→ **EXERCISE PROMPT**
Would you please copy exactly the line with "apply/matrixP => i j; rewrite !mxE /= horner_evalE." and all lines that follow it in the data below, through the last one?

_ _ _

(* Let $A, M, F \in \mathbb{C}^{n\times n}$ with $M$ and $F$ nonsingular, and let $I$ be the $n\times n$ identity matrix. Suppose $A$ is an $\mathsf H$-matrix and \[ \langle M\rangle - |M - A| = \langle A\rangle, \qquad \langle F\rangle - |F - A| = \langle A\rangle. \] Then \[ \rho\left(\left| I - F^{-1}(M + F - A) M^{-1} A \right|\right) < 1. \]
   Context: For a matrix $\mathcal A$, $|\mathcal A|$ denotes the entrywise absolute value (modulus) and $\rho(\mathcal A)$ its spectral radius. Comparisons between matrices are entrywise. A square real matrix $\mathcal A$ is an $\mathsf M$-matrix if there exists $\alpha\in\mathbb R$ with $\alpha I - \mathcal A \ge 0$ (entrywise) and $\alpha > \rho(\alpha I - \mathcal A)$. The comparison matrix $\langle \mathcal A\rangle$ of a square matrix $\mathcal A$ is defined by $\langle \mathcal A\rangle_{i,i} := |\mathcal A_{i,i}|$ and $\langle \mathcal A\rangle_{i,j} := -|\mathcal A_{i,j}|$ for $i\ne j$. A square matrix $\mathcal A$ is an $\mathsf H$-matrix if its comparison matrix $\langle\mathcal A\rangle$ is an $\mathsf M$-matrix. *)

From HB Require Import structures.
From mathcomp Require Import all_boot all_order all_algebra.
Set Implicit Arguments. Unset Strict Implicit. Unset Printing Implicit Defensive.
Import Order.TTheory GRing.Theory Num.Theory.
Local Open Scope ring_scope.

(* Complex numbers are modelled by an arbitrary numeric algebraically closed
   field C (e.g. algC, or complex R for a real closed R). *)

(* multiset of eigenvalues (roots of the characteristic polynomial, with
   multiplicity); the characteristic polynomial is monic, so it splits as
   \prod_(z <- eigvals A) ('X - z%:P). *)
Definition eigvals (C : numClosedFieldType) (n : nat) (A : 'M[C]_n) : seq C :=
  sval (closed_field_poly_normal (char_poly A)).

(* spectral radius: max modulus of eigenvalues (0 for the empty matrix) *)
Definition spectral_radius (C : numClosedFieldType) (n : nat) (A : 'M[C]_n) : C :=
  \big[Num.max/0]_(z <- eigvals A) `|z|.

Definition mxabs (C : numClosedFieldType) (m n : nat) (A : 'M[C]_(m, n)) : 'M[C]_(m, n) :=
  \matrix_(i, j) `|A i j|.

Definition cmpmx (C : numClosedFieldType) (n : nat) (A : 'M[C]_n) : 'M[C]_n :=
  \matrix_(i, j) (if i == j then `|A i i| else - `|A i j|).

Definition is_Mmatrix (C : numClosedFieldType) (n : nat) (A : 'M[C]_n) : Prop :=
  (forall i j, A i j \is Num.real) /\
  exists alpha : C, alpha \is Num.real /\
    (forall i j, 0 <= (alpha%:M - A) i j) /\
    spectral_radius (alpha%:M - A) < alpha.

Definition is_Hmatrix (C : numClosedFieldType) (n : nat) (A : 'M[C]_n) : Prop :=
  is_Mmatrix (cmpmx A).

(* As A is an H-matrix, <A> = al I - B with B >= 0 and rho(B) < al, and
   such a Z-matrix is semipositive: <A> u > 0 for some u > 0.  In the
   u-weighted max-norm, M^-1 (M - A) and F^-1 (F - A) are
   strict contractions, since the splitting condition says that <M> u exceeds
   |M - A| u by the positive vector <A> u.  The iteration matrix is the product
   of these two contractions, so |T| u < u entrywise, and this bounds every
   eigenvalue of the nonnegative matrix |T| by 1 in modulus.

   The vector u is built by induction on n from the Schur complement of the
   trailing principal submatrix B' of B.  That B' has no real eigenvalue
   >= al either is a continuity argument: h(t) = (t - b00) det(t - B') -
   det(t - B) is >= 0 beyond the largest real eigenvalue s of B', because
   (t - B')^-1 >= 0 there by induction, yet h(s) = - det(s - B) < 0. *)

From HB Require Import structures.
From mathcomp Require Import all_boot all_order all_algebra.
From mathcomp Require Import ring.
Set Implicit Arguments. Unset Strict Implicit. Unset Printing Implicit Defensive.
Import Order.TTheory GRing.Theory Num.Theory.
Local Open Scope ring_scope.

Section RealArgmax.
Variable R : numDomainType.

Lemma real_argmax (I : finType) (i0 : I) (g : I -> R) :
  (forall i, g i \is Num.real) -> exists i, forall j, g j <= g i.
Proof.
move=> gR; have [|i _ gi] := @comparable_arg_maxP _ _ I i0 predT g isT.
  by move=> i j _ _; apply: real_comparable.
by exists i => j; apply: gi.
Qed.

Lemma seq_real_max (s : seq R) :
  s != [::] -> {in s, forall x, x \is Num.real} ->
  exists2 x, x \in s & forall y, y \in s -> y <= x.
Proof.
case: s => // x0 s _; set s0 := x0 :: s => sR.
have [i imax] := @real_argmax _ ord0 (fun i : 'I_(size s0) => nth 0 s0 i)
  (fun i => sR _ (@mem_nth _ 0 s0 i (ltn_ord i))).
exists (nth 0 s0 i); first exact: mem_nth.
by move=> y ys; rewrite -(nth_index 0 ys); apply: (imax (Ordinal _)); rewrite index_mem.
Qed.

End RealArgmax.

Lemma weighted_argmax (R : numFieldType) n (x u : 'cV[R]_n) (i0 : 'I_n) :
  (forall i, 0 < u i 0) -> exists i, forall j, `|x j 0| <= `|x i 0| / u i 0 * u j 0.
Proof.
move=> u_gt0; have [i imax] : exists i, forall j, `|x j 0| / u j 0 <= `|x i 0| / u i 0.
  by apply: (real_argmax i0) => j; rewrite rpredM ?rpredV ?normr_real ?gtr0_real.
by exists i => j; rewrite -ler_pdivrMr.
Qed.

Lemma det_mxOver (R : comPzRingType) (S : subringClosed R) n (A : 'M[R]_n) :
  A \is a mxOver S -> \det A \in S.
Proof.
move=> /mxOverP AS; rewrite rpred_sum // => s _.
by rewrite rpredM ?rpredX ?rpredN ?rpred1 // rpred_prod.
Qed.

Lemma invmx_mxOver (R : comUnitRingType) (S : divringClosed R) n (A : 'M[R]_n) :
  A \is a mxOver S -> invmx A \is a mxOver S.
Proof.
move=> AS; rewrite /invmx; case: ifP => // _; apply/mxOverP => i j.
rewrite !mxE rpredM ?rpredV ?det_mxOver // rpredM ?rpredX ?rpredN ?rpred1 //.
by rewrite det_mxOver //; apply/mxOverP => k l; rewrite !mxE (mxOverP AS).
Qed.

Section Semipositive.
Variable R : numFieldType.

Definition is_Zmatrix n (Q : 'M[R]_n) := forall i j, i != j -> Q i j <= 0.

Definition semipositive n (Q : 'M[R]_n) :=
  exists2 u : 'cV[R]_n, (forall i, 0 < u i 0) & (forall i, 0 < (Q *m u) i 0).

Lemma Zmatrix_semipositive_ge0 n (Q : 'M[R]_n) (x : 'cV[R]_n) :
  is_Zmatrix Q -> semipositive Q -> x \is a mxOver Num.real ->
  (forall i, 0 <= (Q *m x) i 0) -> forall i, 0 <= x i 0.
Proof.
move=> QZ [u u_gt0 Qu_gt0] xR Qx_ge0 i0.
have uR j : u j 0 \is Num.real := gtr0_real (u_gt0 j).
have [i imin] : exists i, forall j, - (x j 0 / u j 0) <= - (x i 0 / u i 0).
  by apply: (real_argmax i0) => j; rewrite rpredN rpredM ?rpredV ?(mxOverP xR).
set mu := x i 0 / u i 0 in imin.
have x_ge j : mu * u j 0 <= x j 0 by have := imin j; rewrite lerN2 ler_pdivlMr.
have : (Q *m x) i 0 <= mu * (Q *m u) i 0.
  rewrite -subr_le0 !mxE mulr_sumr -sumrB; apply: sumr_le0 => j _.
  rewrite mulrCA -mulrBr.
  have [<-|ij] := eqVneq i j; first by rewrite /mu divfK ?subrr ?mulr0 ?gt_eqF.
  by rewrite mulr_le0_ge0 ?QZ // subr_ge0.
move=> /(le_trans (Qx_ge0 i)); rewrite pmulr_lge0 // => mu_ge0.
by apply: le_trans (x_ge i0); rewrite mulr_ge0 // ltW.
Qed.

Lemma semipositive_block m (a : R) (r : 'rV[R]_m) (c : 'cV[R]_m) (X : 'M[R]_m) :
  (forall j, 0 <= r 0 j) -> semipositive X -> X \in unitmx ->
  (forall i, 0 <= (invmx X *m c) i 0) -> (r *m invmx X *m c) 0 0 < a ->
  semipositive (block_mx a%:M (- r) (- c) X).
Proof.
move=> r_ge0 [u u_gt0 Xu_gt0] Xunit Xc_ge0 ra_lt.
set sigma := a - (r *m invmx X *m c) 0 0.
have sigma_gt0 : 0 < sigma by rewrite subr_gt0.
set k := (r *m u) 0 0.
have k_ge0 : 0 <= k by rewrite /k mxE sumr_ge0 // => j _; rewrite mulr_ge0 // ltW.
set eps := sigma / (k + 1).
have eps_gt0 : 0 < eps by rewrite divr_gt0 // ltr_wpDl.
exists (col_mx 1%:M (invmx X *m c + eps *: u)) => i;
  case: (split_ordP i) => j ->; rewrite ?col_mxEu ?col_mxEd ?mul_block_col.
- by rewrite ord1 mxE.
- by rewrite mxE [(eps *: u) _ _]mxE ltr_wpDl ?Xc_ge0 // mulr_gt0.
- rewrite col_mxEu ord1 mulmx1 mulNmx mulmxDr -scalemxAr mulmxA.
  have -> : (a%:M - (r *m invmx X *m c + eps *: (r *m u))) 0 0 = sigma - eps * k.
    by rewrite /sigma /k !mxE eqxx mulr1n opprD addrA.
  suff -> : sigma - eps * k = eps by [].
  by rewrite /eps; field; rewrite gt_eqF // ltr_wpDl.
- rewrite col_mxEd mulmx1 mulmxDr mulKVmx // -scalemxAr addKr mxE.
  by rewrite mulr_gt0.
Qed.

End Semipositive.

Lemma poly_lt0_right (R : numFieldType) (p : {poly R}) x :
  x \is Num.real -> p.[x] < 0 -> exists2 t, x < t & ~ 0 <= p.[t].
Proof.
move=> xR px_lt0.
have /factor_theorem[q pq] : root (p - p.[x]%:P) x by rewrite rootE !hornerE subrr.
have [K qK] := poly_disk_bound q (`|x| + 1).
set e := - p.[x]; have e_gt0 : 0 < e by rewrite oppr_gt0.
have K_ge0 : 0 <= K by apply: le_trans (normr_ge0 q.[x]) (qK x _); rewrite lerDl.
set d := e / (K + e + 1).
have Ke1_gt0 : 0 < K + e + 1 := addr_gt0 (ltr_wpDl K_ge0 e_gt0) ltr01.
have d_gt0 : 0 < d by rewrite divr_gt0.
have d_le1 : d <= 1.
  by rewrite ler_pdivrMr // mul1r -addrA (addrC e) addrA lerDr addr_ge0.
have dK_lt : K * d < e.
  rewrite /d mulrA ltr_pdivrMr // mulrDr mulrDr mulr1 (mulrC e) -addrA ltrDl.
  by rewrite addr_gt0 // mulr_gt0.
exists (x + d) => [|pt_ge0]; first by rewrite ltrDl.
have pt : p.[x + d] + e = q.[x + d] * d.
  move: (congr1 (horner^~ (x + d)) pq).
  rewrite /= hornerD hornerN hornerC hornerM hornerXsubC => ->.
  by rewrite addrAC subrr add0r.
have e_le : e <= `|q.[x + d] * d| by rewrite -pt ger0_norm ?lerDr // addr_ge0 // ltW.
suff : `|q.[x + d] * d| < e by move=> /(le_lt_trans e_le); rewrite ltxx.
apply: le_lt_trans dK_lt; rewrite normrM (gtr0_norm d_gt0) ler_wpM2r ?(ltW d_gt0) // qK //.
by rewrite (le_trans (ler_normD _ _)) // lerD2l gtr0_norm.
Qed.

Section Schur.
Variable R : comUnitRingType.

Lemma det_block_scalar m (a : R) (r : 'rV[R]_m) (c : 'cV[R]_m) (X : 'M[R]_m) :
  X \in unitmx ->
  \det (block_mx a%:M r c X) = (a - (r *m invmx X *m c) 0 0) * \det X.
Proof.
move=> Xunit.
have -> : block_mx a%:M r c X =
    block_mx 1%:M (r *m invmx X) 0 1%:M *m block_mx (a%:M - r *m invmx X *m c) 0 c X.
  by rewrite mulmx_block !mul1mx !mul0mx !add0r mulmxKV // subrK.
by rewrite det_mulmx det_ublock det_lblock !det1 !mul1r det_mx11 !mxE eqxx mulr1n.
Qed.

Lemma scalar_sub_block m (t : R) (B : 'M[R]_(1 + m)) :
  t%:M - B = block_mx (t - B 0 0)%:M (- ursubmx B) (- dlsubmx B) (t%:M - drsubmx B).
Proof.
rewrite -{1}[B]submxK (scalar_mx_block 1 m t) opp_block_mx add_block_mx !sub0r.
congr block_mx; apply/matrixP => i j; rewrite !mxE !ord1 /= !mulr1n.
by congr (_ - B _ _); apply/val_inj.
Qed.

End Schur.

Lemma det_scalar_sub_schur (R : comUnitRingType) m (B : 'M[R]_(1 + m)) t :
  (t%:M - drsubmx B) \in unitmx ->
  \det (t%:M - B) = (t - B 0 0 - (ursubmx B *m invmx (t%:M - drsubmx B) *m dlsubmx B) 0 0)
                    * \det (t%:M - drsubmx B).
Proof.
by move=> Xunit; rewrite scalar_sub_block det_block_scalar // mulNmx mulmxN mulNmx opprK.
Qed.

Lemma iteration_matrix_factor (R : comUnitRingType) n (A M F : 'M[R]_n) :
  M \in unitmx -> F \in unitmx ->
  1%:M - invmx F *m (M + F - A) *m invmx M *m A =
  (invmx F *m (F - A)) *m (invmx M *m (M - A)).
Proof.
move=> Munit Funit.
have -> : invmx F *m (M + F - A) *m invmx M *m A =
    invmx F *m A + invmx M *m A - invmx F *m A *m (invmx M *m A).
  by rewrite -!mulmxA !mulmxBl !mulmxDl mulKVmx // !mulmxBr !mulmxDr mulKmx.
rewrite !mulmxBr !mulVmx // !mulmxBl !mul1mx mulmx1 !opprD !opprK !addrA.
by rewrite addrAC.
Qed.

Section Spectrum.
Variable C : numClosedFieldType.

Lemma char_poly_eigvals n (B : 'M[C]_n) :
  char_poly B = \prod_(z <- eigvals B) ('X - z%:P).
Proof.
rewrite /eigvals; case: closed_field_poly_normal => s /= ->.
by rewrite (monicP (char_poly_monic B)) scale1r.
Qed.

Lemma horner_char_poly n (B : 'M[C]_n) t : (char_poly B).[t] = \det (t%:M - B).
Proof.
rewrite -horner_evalE /char_poly -det_map_mx; congr (\det _).
apply/matrixP => i j; rewrite !mxE /= horner_evalE.
by rewrite hornerD hornerN hornerMn hornerX hornerC.
Qed.

Lemma det_scalar_sub_eigvals n (B : 'M[C]_n) t :
  \det (t%:M - B) = \prod_(z <- eigvals B) (t - z).
Proof.
rewrite -horner_char_poly char_poly_eigvals horner_prod.
by apply: eq_bigr => z _; rewrite hornerXsubC.
Qed.

Lemma eigvals_det_eq0 n (B : 'M[C]_n) z : z \in eigvals B -> \det (z%:M - B) = 0.
Proof.
move=> zB; rewrite -horner_char_poly char_poly_eigvals; apply/eqP.
by rewrite -/(root _ z) root_prod_XsubC.
Qed.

_ _ _

→ **EXPECTED ANSWER**
apply/matrixP => i j; rewrite !mxE /= horner_evalE.
by rewrite hornerD hornerN hornerMn hornerX hornerC.
Qed.

Lemma det_scalar_sub_eigvals n (B : 'M[C]_n) t :
  \det (t%:M - B) = \prod_(z <- eigvals B) (t - z).
Proof.
rewrite -horner_char_poly char_poly_eigvals horner_prod.
by apply: eq_bigr => z _; rewrite hornerXsubC.
Qed.

Lemma eigvals_det_eq0 n (B : 'M[C]_n) z : z \in eigvals B -> \det (z%:M - B) = 0.
Proof.
move=> zB; rewrite -horner_char_poly char_poly_eigvals; apply/eqP.
by rewrite -/(root _ z) root_prod_XsubC.
Qed.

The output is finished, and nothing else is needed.